Directions for this task -
Below are the entries to work from; restate word for word the portion that opens with the line containing "intros (_ & Hball & Hbd) Sp Sp' Hp' Hd." and closes with the line containing "exists p d, S", keeping both.

Saved data entries
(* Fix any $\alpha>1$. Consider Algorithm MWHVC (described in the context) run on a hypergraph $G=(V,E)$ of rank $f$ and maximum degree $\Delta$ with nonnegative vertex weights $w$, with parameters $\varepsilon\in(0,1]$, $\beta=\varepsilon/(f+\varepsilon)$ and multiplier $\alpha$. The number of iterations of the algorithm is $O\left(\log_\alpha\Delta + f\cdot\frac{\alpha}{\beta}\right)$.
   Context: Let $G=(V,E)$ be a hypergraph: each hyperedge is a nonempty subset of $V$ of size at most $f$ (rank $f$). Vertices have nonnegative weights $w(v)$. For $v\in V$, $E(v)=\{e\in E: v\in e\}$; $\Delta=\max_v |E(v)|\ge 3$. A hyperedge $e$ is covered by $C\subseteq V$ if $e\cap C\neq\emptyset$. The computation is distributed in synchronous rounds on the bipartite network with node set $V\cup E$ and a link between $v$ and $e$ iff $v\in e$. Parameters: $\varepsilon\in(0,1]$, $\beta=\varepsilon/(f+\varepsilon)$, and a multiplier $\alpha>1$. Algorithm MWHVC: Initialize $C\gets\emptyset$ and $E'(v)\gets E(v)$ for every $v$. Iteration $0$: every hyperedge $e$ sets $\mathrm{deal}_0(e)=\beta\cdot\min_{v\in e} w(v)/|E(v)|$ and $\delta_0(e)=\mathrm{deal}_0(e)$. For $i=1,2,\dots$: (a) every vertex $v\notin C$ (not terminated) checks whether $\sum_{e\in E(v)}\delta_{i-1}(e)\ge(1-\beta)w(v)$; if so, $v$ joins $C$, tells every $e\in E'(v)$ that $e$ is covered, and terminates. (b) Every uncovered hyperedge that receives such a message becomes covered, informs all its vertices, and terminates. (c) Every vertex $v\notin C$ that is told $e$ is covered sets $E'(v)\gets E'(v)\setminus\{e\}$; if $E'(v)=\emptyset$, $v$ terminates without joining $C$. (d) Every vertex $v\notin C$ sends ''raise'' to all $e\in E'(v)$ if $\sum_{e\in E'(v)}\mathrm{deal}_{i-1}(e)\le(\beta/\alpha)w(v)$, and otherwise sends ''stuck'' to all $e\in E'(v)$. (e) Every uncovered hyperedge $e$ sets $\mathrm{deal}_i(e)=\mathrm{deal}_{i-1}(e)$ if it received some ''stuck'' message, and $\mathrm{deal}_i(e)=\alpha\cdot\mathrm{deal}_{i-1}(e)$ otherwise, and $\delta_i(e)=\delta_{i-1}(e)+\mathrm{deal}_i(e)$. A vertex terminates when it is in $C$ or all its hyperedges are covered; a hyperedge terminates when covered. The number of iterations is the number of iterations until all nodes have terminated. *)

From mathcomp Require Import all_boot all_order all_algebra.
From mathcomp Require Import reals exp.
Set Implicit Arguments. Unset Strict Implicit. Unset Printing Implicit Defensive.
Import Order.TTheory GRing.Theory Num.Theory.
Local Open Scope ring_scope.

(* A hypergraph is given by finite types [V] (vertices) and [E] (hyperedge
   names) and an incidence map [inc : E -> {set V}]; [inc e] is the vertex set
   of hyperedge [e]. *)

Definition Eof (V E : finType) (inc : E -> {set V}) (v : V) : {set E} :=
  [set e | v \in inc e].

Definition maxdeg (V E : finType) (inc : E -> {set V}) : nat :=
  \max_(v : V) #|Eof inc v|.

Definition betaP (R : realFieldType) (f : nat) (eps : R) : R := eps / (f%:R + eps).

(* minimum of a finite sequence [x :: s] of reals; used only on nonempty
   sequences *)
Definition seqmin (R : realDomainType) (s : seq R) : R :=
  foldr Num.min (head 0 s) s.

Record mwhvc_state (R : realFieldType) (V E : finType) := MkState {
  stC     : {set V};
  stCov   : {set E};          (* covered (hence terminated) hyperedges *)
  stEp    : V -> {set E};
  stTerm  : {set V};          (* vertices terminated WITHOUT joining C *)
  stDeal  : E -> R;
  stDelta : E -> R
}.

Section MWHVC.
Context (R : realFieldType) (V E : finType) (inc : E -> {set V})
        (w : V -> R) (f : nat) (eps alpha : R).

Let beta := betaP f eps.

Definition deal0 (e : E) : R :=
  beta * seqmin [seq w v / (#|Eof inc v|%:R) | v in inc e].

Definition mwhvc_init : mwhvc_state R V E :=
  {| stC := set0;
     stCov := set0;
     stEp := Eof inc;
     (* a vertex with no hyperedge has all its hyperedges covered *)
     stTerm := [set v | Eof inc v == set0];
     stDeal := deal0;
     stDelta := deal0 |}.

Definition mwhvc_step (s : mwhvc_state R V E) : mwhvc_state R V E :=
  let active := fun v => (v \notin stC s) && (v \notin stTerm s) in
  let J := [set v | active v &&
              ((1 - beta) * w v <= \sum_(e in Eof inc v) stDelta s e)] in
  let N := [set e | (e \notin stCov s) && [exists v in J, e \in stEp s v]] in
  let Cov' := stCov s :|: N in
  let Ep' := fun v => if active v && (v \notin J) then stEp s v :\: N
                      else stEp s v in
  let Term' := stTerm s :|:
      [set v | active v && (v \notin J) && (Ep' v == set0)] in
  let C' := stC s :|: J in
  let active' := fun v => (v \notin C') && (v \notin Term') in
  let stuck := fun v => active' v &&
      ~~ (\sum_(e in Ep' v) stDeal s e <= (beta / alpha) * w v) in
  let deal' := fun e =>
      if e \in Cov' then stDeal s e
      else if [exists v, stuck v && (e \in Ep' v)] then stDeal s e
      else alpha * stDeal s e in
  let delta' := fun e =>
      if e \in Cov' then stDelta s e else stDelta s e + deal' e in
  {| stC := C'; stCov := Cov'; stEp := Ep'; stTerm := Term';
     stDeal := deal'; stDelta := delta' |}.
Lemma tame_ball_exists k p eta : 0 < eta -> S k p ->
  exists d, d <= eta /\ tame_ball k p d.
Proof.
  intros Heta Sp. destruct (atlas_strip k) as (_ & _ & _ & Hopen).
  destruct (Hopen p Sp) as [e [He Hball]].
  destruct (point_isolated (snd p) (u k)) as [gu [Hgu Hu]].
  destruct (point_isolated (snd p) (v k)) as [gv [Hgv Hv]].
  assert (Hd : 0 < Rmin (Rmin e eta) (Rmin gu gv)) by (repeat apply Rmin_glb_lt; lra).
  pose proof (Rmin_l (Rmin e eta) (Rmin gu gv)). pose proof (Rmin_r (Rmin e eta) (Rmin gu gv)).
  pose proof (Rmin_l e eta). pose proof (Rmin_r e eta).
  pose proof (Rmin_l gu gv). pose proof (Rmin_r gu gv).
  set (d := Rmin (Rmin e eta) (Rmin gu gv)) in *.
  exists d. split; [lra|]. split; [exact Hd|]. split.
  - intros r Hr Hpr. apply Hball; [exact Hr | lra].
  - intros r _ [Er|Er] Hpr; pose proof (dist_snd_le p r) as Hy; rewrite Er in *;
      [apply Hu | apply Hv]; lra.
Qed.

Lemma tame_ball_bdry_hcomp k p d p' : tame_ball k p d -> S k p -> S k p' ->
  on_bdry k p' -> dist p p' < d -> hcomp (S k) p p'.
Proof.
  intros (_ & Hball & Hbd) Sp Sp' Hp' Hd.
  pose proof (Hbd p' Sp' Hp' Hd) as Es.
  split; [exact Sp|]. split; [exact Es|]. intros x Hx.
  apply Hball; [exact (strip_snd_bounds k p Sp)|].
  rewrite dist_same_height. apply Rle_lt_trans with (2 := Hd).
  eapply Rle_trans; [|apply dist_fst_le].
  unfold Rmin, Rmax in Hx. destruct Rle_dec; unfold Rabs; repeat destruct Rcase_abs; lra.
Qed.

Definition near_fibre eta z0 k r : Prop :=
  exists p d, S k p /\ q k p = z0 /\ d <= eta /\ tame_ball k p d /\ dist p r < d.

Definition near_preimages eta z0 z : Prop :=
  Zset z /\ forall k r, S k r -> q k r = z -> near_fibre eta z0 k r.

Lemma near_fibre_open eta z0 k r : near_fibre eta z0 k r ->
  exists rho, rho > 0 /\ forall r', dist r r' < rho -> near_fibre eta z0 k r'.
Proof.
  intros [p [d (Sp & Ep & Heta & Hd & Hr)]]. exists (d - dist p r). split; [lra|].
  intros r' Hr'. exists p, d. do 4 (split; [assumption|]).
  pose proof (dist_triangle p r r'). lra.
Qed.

Exercise answer -
  intros (_ & Hball & Hbd) Sp Sp' Hp' Hd.
  pose proof (Hbd p' Sp' Hp' Hd) as Es.
  split; [exact Sp|]. split; [exact Es|]. intros x Hx.
  apply Hball; [exact (strip_snd_bounds k p Sp)|].
  rewrite dist_same_height. apply Rle_lt_trans with (2 := Hd).
  eapply Rle_trans; [|apply dist_fst_le].
  unfold Rmin, Rmax in Hx. destruct Rle_dec; unfold Rabs; repeat destruct Rcase_abs; lra.
Qed.

Definition near_fibre eta z0 k r : Prop :=
  exists p d, S k p /\ q k p = z0 /\ d <= eta /\ tame_ball k p d /\ dist p r < d.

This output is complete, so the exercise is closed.